Они молчат недолго — но за это время небо режут две молнии подряд. Дождь бьет по окнам с такой силой, что Кавех начинает опасаться за стёкла. Не по сезону, совсем не по сезону погода.

— Ты сейчас хоронишь Сайно живьём?

— Кавех, я никого не хороню живьём. Но Тигнари стоит узнать об этом раньше других, — «потому что следующей новостью о Сайно может стать его тело, и ему, особенно ему, стоит быть к этому готовым», так громко молчит Хайтам, что Кавех действительно вздрагивает.

— А ты не хочешь пойти к нему и сказать об этом лично, потому что ты не умеешь разговаривать по-человечески, я прав?

— Да, — так просто и спокойно говорит Хайтам, что Кавех чуть не проливает на себя чай.

— Кто ты и что сделал с аль-Хайтамом? А как же «Кавех, только с тобой невозможно разговаривать по-человечески, потому что по-человечески ты не понимаешь» или «разговаривать «не по-человечески» невозможно в принципе, потому язык — это...»

— Кавех, пожалуйста, — Хайтам расстроен, вдруг понимает Кавех. Расстроен настолько сильно, что будь на его месте кто-то другой, то скорее всего сжался бы в комок и почти плакал. Кавех протягивает ладонь, и свободной рукой Хайтам перехватывает ее так осторожно, так ласково, что сердце заходится в ритме дождевых капель. Они редко прикасаются друг к другу так. Не позволяют. Потому что та грань, через которую Тигнари с Сайно прошли так просто, естественно и незаметно, для них вздымается выше гор. Хайтам перебирает его пальцы, задумчиво проводит по костяшкам.

— Если Сайно действительно погиб, тебе придется сказать об этом Тигнари. Потому что ты сможешь сказать это лучше меня и тем более лучше любого из матр. Он ценит в тебе искренность и то, что ты не скрываешь свои эмоции. А я.., — тепло и крепко сжимает ладонь, бережно опускает её на стол. — Ты знаешь, — вздыхает тяжело и грустно. — Я спать.

Хайтам допивает оставшийся чай в три больших глотка и ставит кружку в раковину.

Кавех сидит на кухне, обнимая свои колени до тех пор, пока гром не хохочет злорадно и угрожающе прямо над их домом.

Уснуть ему удаётся с трудом — если удаётся вообще, Кавех в этом не уверен. Мешает гром, мешают синие молнии за окном, мешают мысли. Как аль-Хайтам вообще смог уснуть? Или он тоже в соседней комнате считает секунды от вспышки до рокота? У Кавеха это получается плохо — счет сбивается, потому что мелькает и грохочет ежесекундно. А там, в пустыне, не так уж и далеко, под безоблачным небом сейчас может лежать Сайно. И, вполне возможно, лежит он там мёртвый.


***

Стук в дверь сливается со стуком капель, но в ушах отдается металлическим звоном дребезжащего замка — всё руки не доходят привинтить несколько болтиков. Кавех не знает, уснул он по-настоящему или нет, но голова туманная, а глаза еле удается открыть. Гроза, кажется, немного стихла. Стук повторяется: отчаянный, умоляющий.
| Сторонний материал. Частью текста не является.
Lemma INR_list_sum_le {A : Type} (g : A -> nat) (c : A -> R) l :
  (forall x, In x l -> INR (g x) <= c x) ->
  INR (list_sum (map g l)) <= fold_right Rplus 0 (map c l).
Proof.
  induction l as [|x l IH]; intros H; simpl; [lra|].
  rewrite plus_INR. apply Rplus_le_compat; [apply H; simpl; auto |].
  apply IH. intros; apply H; simpl; auto.
Qed.

Section Decomposition.

Variables (d : nat) (eps : R).
Hypotheses (d_pos : (1 <= d)%nat) (eps_pos : 0 < eps).

(* The denominator of [delta^P] for a box of type [j]. *)
Definition mixed_vol (P : box) (j : nat) : R :=
  prodn (fst P) 1 (j - 1) * prodn (snd P) j (d - j + 1).

(* Shape of every generated box of type [j <= d]. *)
Definition shaped (P : box) (j : nat) : Prop :=
  (forall i, (j <= i <= d)%nat -> fst P i = 0) /\
  (forall i, (1 <= i < j)%nat -> 0 < fst P i) /\
  (forall i, (1 <= i <= d)%nat -> 0 < snd P i).

Lemma delta_mixed_vol P j :
  delta d eps P j = Rpower ((prodd d (snd P) - eps) / mixed_vol P j) (/ INR (d - j + 1)).
Proof. destruct P; reflexivity. Qed.

Lemma delta_gt0 P j : 0 < delta d eps P j.
Proof. rewrite delta_mixed_vol; apply Rpower_gt0. Qed.

Lemma child_fst P j k i : (k <= d)%nat ->
  fst (child d eps P j k) i = if (i <? k)%nat then gamma d eps P j i else fst P i.
Proof. intros Hk. apply Nat.leb_le in Hk. unfold child; now rewrite Hk. Qed.

Lemma child_snd P j k i : (k <= d)%nat ->
  snd (child d eps P j k) i = if (i =? k)%nat then gamma d eps P j i else snd P i.
Proof. intros Hk. apply Nat.leb_le in Hk. unfold child; now rewrite Hk. Qed.

Lemma gamma_lt P j i : (i < j)%nat -> gamma d eps P j i = fst P i.
Proof. intros Hi. apply Nat.ltb_lt in Hi. unfold gamma; now rewrite Hi. Qed.

Lemma gamma_ge P j i : (j <= i <= d)%nat -> gamma d eps P j i = delta d eps P j * snd P i.
Proof.
  intros [Hji Hid]. apply Nat.ltb_ge in Hji. apply Nat.leb_le in Hid.
  unfold gamma; now rewrite Hji, Hid.
Qed.

Lemma child_fst_ge P j k i : (k <= i)%nat -> (k <= d)%nat ->
  fst (child d eps P j k) i = fst P i.
Proof. intros Hi Hk. rewrite child_fst by auto. now replace (i <? k)%nat with false
  by (symmetry; apply Nat.ltb_ge; auto). Qed.

Lemma child_fst_lt P j k i : (i < k)%nat -> (k <= d)%nat ->
  fst (child d eps P j k) i = gamma d eps P j i.
Proof. intros Hi Hk. rewrite child_fst by auto. now replace (i <? k)%nat with true
  by (symmetry; apply Nat.ltb_lt; auto). Qed.

Lemma child_snd_neq P j k i : i <> k -> (k <= d)%nat ->
  snd (child d eps P j k) i = snd P i.
Proof. intros Hi Hk. rewrite child_snd by auto. now replace (i =? k)%nat with false
  by (symmetry; apply Nat.eqb_neq; auto). Qed.

Lemma child_snd_eq P j k : (j <= k <= d)%nat ->
  snd (child d eps P j k) k = delta d eps P j * snd P k.
Proof. intros Hk. rewrite child_snd, Nat.eqb_refl by lia. apply gamma_ge; lia. Qed.

Lemma W_shaped P j : (1 <= j <= d)%nat -> shaped P j -> W d P = prodd d (snd P).
Proof.
  intros Hj [Hzero _]. unfold W, prodd.
  rewrite (prodn_eq0 (fst P) 1 d d); [ring | lia | apply Hzero; lia].
Qed.

Lemma shaped_child P j k : (1 <= j <= k)%nat -> (k <= d)%nat ->
  shaped P j -> shaped (child d eps P j k) k.
Proof.
  intros Hj Hk [Hzero [Hlo Hhi]]. pose proof (delta_gt0 P j) as Hdelta.
  split; [|split].
  - intros i Hi. rewrite child_fst_ge by lia. apply Hzero; lia.
  - intros i Hi. rewrite child_fst_lt by lia.
    destruct (Nat.lt_ge_cases i j).
    + rewrite gamma_lt by auto. apply Hlo; lia.
    + rewrite gamma_ge by lia. apply Rmult_lt_0_compat; [auto | apply Hhi; lia].
  - intros i Hi. destruct (Nat.eq_dec i k) as [->|].
    + rewrite child_snd_eq by lia. apply Rmult_lt_0_compat; [auto | apply Hhi; lia].
    + rewrite child_snd_neq by auto. apply Hhi; lia.
Qed.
Если это какой-то несчастный, застигнутый этой хиличурловой бурей, то даже Хайтам не будет против приютить его на ночь.

Но за дверью стоит не какой-то бездомный или случайный странник.

С промокшим насквозь и жалко повисшим хвостом, с трясущимися от холода губами, с прижатыми к мокрой голове ушами, в покрытых грязью штанах, в дверях стоит Тигнари. 

— Прости, что среди ночи, я просто не смог выйти из Гандхарвы раньше, — говорит сбивчиво, послушно шагая в дом, когда Кавех втягивает его за руку. — Просто там привели больного, а потом начался дождь и все дороги размыло, и потом я понял, что в трактир на ночь я просто не попаду, — он то ли кивает вышедшему из своей комнаты в одних домашних штанах Хайтаму, то ли просто вздрагивает от холода сильнее. — Простите, что так внезапно, просто... просто что-то не так, — говорит он абсолютно несчастным, тихим и совершенно отчаявшимся голосом. Кавех щелкает замком, беспомощно смотрит на Хайтама. Тот почти с ужасом смотрит в ответ поверх мокрого плеча Тигнари. Голос у Тигнари даже не дрожит — дрожь пожрал чистый ужас. — Сайно нет слишком долго.